We reached five hundred feet. A road, a parking lot, some waterfront walkways and piers lay between us and the water.
“We’ll drop as soon as its safe. As close to the shore as we can. As soon as we hit the water, kick off your shoes and jacket and swim like hell. DO NOT look for me, because I won’t be looking for you. I need you to swim like there’s a goddamned shark on your ass.”
“I can’t leave you.”
“You can’t save me, and I can’t save you. We save ourselves, or we both die. Don’t worry about me. All you’ll see of me is my cute butt. Follow it.”
“That’s what got me in this mess.”
Two hundred feet. We passed over the parking lot.
Over the walkway.
Over water.
A hundred feet. Still too high. We’d die hitting the water.
“Get as much air in you as you can on the way down,” I told her.

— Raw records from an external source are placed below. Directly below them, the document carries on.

(* $\Delta_{\mathsf F}$ is a pseudometric on the set $\{b\in B(\mathcal V),\ \mathcal V\in \mathsf F\}$.
   Context: Let $\mathsf{BS}$ be the category whose objects are finite dimensional real vector spaces $\mathcal V$ endowed with a fixed proper (closed, convex, pointed, generating) cone $\mathcal V^+\subset\mathcal V$ and a base section $B(\mathcal V)$, i.e. a convex subset $B(\mathcal V)\subset\mathcal V^+$ which is a base of the cone $\mathcal V^+\cap\mathrm{span}(B(\mathcal V))$ and satisfies $B(\mathcal V)\cap\mathrm{int}(\mathcal V^+)\neq\emptyset$. Morphisms $\Lambda:\mathcal V\to\mathcal W$ in $\mathsf{BS}$ are linear maps with $\Lambda(\mathcal V^+)\subseteq\mathcal W^+$ and $\Lambda(B(\mathcal V))\subseteq B(\mathcal W)$. The dual object $\mathcal V^*$ carries the dual cone $\mathcal V^{*+}=\{\varphi\in\mathcal V^*:\ \langle\varphi,c\rangle\ge0\ \forall c\in\mathcal V^+\}$ and the dual base section $B(\mathcal V^* )=\{\varphi\in\mathcal V^{*+}:\ \langle\varphi,b\rangle=1\ \forall b\in B(\mathcal V)\}$. With $[-B(\mathcal V^* ),B(\mathcal V^* )]=\{x\in\mathcal V^*:\ \exists b\in B(\mathcal V^* ),\ -b\le x\le b\}$, the norm on $\mathcal V$ is $\|x\|_{\mathcal V}=\max_{\psi\in[-B(\mathcal V^* ),B(\mathcal V^* )]}\langle\psi,x\rangle$. Let $\mathsf F$ be a subcategory of $\mathsf{BS}$ such that for any objects $\mathcal V,\mathcal W\in\mathsf F$ the set $\mathsf F(\mathcal V,\mathcal W)$ of morphisms $\mathcal V\to\mathcal W$ in $\mathsf F$ is convex. For objects $\mathcal V_1,\mathcal V_2\in\mathsf F$ and $b_1\in B(\mathcal V_1)$, $b_2\in B(\mathcal V_2)$, define $\delta_{\mathsf F}(b_1\|b_2)=\inf_{\Lambda\in\mathsf F(\mathcal V_1,\mathcal V_2)}\|\Lambda(b_1)-b_2\|_{\mathcal V_2}$ and $\Delta_{\mathsf F}(b_1,b_2)=\max\{\delta_{\mathsf F}(b_1\|b_2),\delta_{\mathsf F}(b_2\|b_1)\}$. *)

From HB Require Import structures.
From mathcomp Require Import all_boot all_order all_algebra.
From mathcomp Require Import all_classical all_reals all_analysis.
Set Implicit Arguments.
Unset Strict Implicit.
Unset Printing Implicit Defensive.
Import Order.TTheory GRing.Theory Num.Theory.
Import numFieldNormedType.Exports.
Local Open Scope classical_set_scope.
Local Open Scope ring_scope.
(* [k'] is nonnegative and, by (A3), strictly monotone on one side of every point, hence positive. *)
Lemma Derive_pos : concave_or_sigmoidal k -> forall x, 0 < x -> 0 < Derive k x.
Proof.
  intros HA3 x Hx.
  assert (Hright : (forall c, x < c -> Derive_n k 2 c < 0) -> 0 < Derive k x).
  { intros Hneg. assert (Derive k (x + 1) < Derive k x).
    { apply (strict_decr_of_is_derive _ (Derive_n k 2)); [lra | |].
      - intros y Hy. apply is_derive_Derive_k. lra.
      - intros y Hy. apply Hneg. lra. }
    assert (0 <= Derive k (x + 1)) by (apply Derive_ge0; lra). lra. }
  destruct HA3 as [Hconc | [ci [Hci [Hlo Hhi]]]].
  - apply Hright. intros c Hc. apply Hconc. lra.
  - destruct (Rlt_or_le x ci) as [Hxci | Hcix].
    + assert (Derive k (x / 2) < Derive k x).
      { apply (strict_incr_of_is_derive _ (Derive_n k 2)); [lra | |].
        - intros y Hy. apply is_derive_Derive_k. lra.
        - intros y Hy. apply Hlo. lra. }
      assert (0 <= Derive k (x / 2)) by (apply Derive_ge0; lra). lra.
    + apply Hright. intros c Hc. apply Hhi. lra.
Qed.

Lemma is_derive_kill_gap x : 0 < x -> is_derive (kill_gap k r) x (x * Derive_n k 2 x).
Proof.
  intros Hx. unfold kill_gap.
  auto_derive; [split; [apply k_d2 | split; [apply k_d1 |]]; easy |].
  change (fun y => Derive k y) with (Derive k). change (fun y => k y) with k.
  change (Derive_n k 2 x) with (Derive (Derive k) x). ring.
Qed.

Lemma kill_gap_incr x y : 0 < x -> x < y -> (forall c, x < c < y -> Derive_n k 2 c > 0) ->
  kill_gap k r x < kill_gap k r y.
Proof.
  intros Hx Hxy Hpos.
  apply (strict_incr_of_is_derive _ (fun c => c * Derive_n k 2 c)); [exact Hxy | |].
  - intros c Hc. apply is_derive_kill_gap. lra.
  - intros c Hc. specialize (Hpos c Hc). nra.
Qed.

Lemma kill_gap_decr x y : 0 < x -> x < y -> (forall c, x < c < y -> Derive_n k 2 c < 0) ->
  kill_gap k r y < kill_gap k r x.
Proof.
  intros Hx Hxy Hneg.
  apply (strict_decr_of_is_derive _ (fun c => c * Derive_n k 2 c)); [exact Hxy | |].
  - intros c Hc. apply is_derive_kill_gap. lra.
  - intros c Hc. specialize (Hneg c Hc). nra.
Qed.

Lemma kill_gap_pos_below_zMIC y : 0 < y < zMIC -> 0 < kill_gap k r y.
Proof.
  intros Hy. unfold kill_gap.
  assert (0 <= Derive k y) by (apply Derive_ge0; lra).
  assert (k y < k zMIC) by (apply k_incr; lra). nra.
Qed.

(* [kill_gap' c = c k'' c]: past the inflection point [kill_gap] decreases, and before it
   [kill_gap] increases from the positive values it takes below [zMIC]. *)
Lemma kill_gap_sign copt : concave_or_sigmoidal k -> 0 < copt -> kill_gap k r copt = 0 ->
  forall x, 0 < x ->
  (x < copt -> 0 < kill_gap k r x) /\ (copt < x -> kill_gap k r x < 0).
Proof.
  intros HA3 Hcopt Hgap.
  assert (Hshape : exists ci, 0 <= ci /\ (forall c, ci < c -> Derive_n k 2 c < 0) /\
                              (forall x, 0 < x <= ci -> 0 < kill_gap k r x)).
  { destruct HA3 as [Hconc | [ci [Hci [Hlo Hhi]]]].
    - exists 0. split; [lra | split; [exact Hconc |]]. intros x Hx. lra.
    - exists ci. split; [lra | split; [exact Hhi |]]. intros x Hx.
      set (y := Rmin zMIC x / 2).
      assert (0 < Rmin zMIC x) by (apply Rmin_glb_lt; lra).
      pose proof (Rmin_l zMIC x). pose proof (Rmin_r zMIC x).
      assert (0 < kill_gap k r y) by (apply kill_gap_pos_below_zMIC; unfold y; lra).
      assert (kill_gap k r y < kill_gap k r x); [| lra].
      apply kill_gap_incr; unfold y; try lra. intros c Hc. apply Hlo. lra. }
  destruct Hshape as [ci [Hci [Hneg Hpos]]].
  assert (Hcicopt : ci < copt).
  { destruct (Rlt_or_le ci copt) as [H | H]; [exact H |].
    specialize (Hpos copt (conj Hcopt H)). lra. }
  intros x Hx. split; intros Hxc.
  - destruct (Rle_or_lt x ci) as [Hxci | Hcix]; [apply Hpos; lra |].
    rewrite <- Hgap. apply kill_gap_decr; [lra | exact Hxc |]. intros c Hc. apply Hneg. lra.
  - rewrite <- Hgap. apply kill_gap_decr; [lra | exact Hxc |]. intros c Hc. apply Hneg. lra.
Qed.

Seventy feet. We continued drifting over the bay. Ten yards. Twenty. Thirty yards from shore. Too far.
How high was that pool platform? The one I thought I’d never dive from?
We were at twice that height.
“We’re getting too far out, Will. We need to drop!”
Too soon.
“Will!”
We drifted and continued the slow descent. City lights reflected on the surface of the water, but now we were fifty yards out. In warm water, the swim would have been easy. I’m a good swimmer. Andy’s better. But the cold would kill us.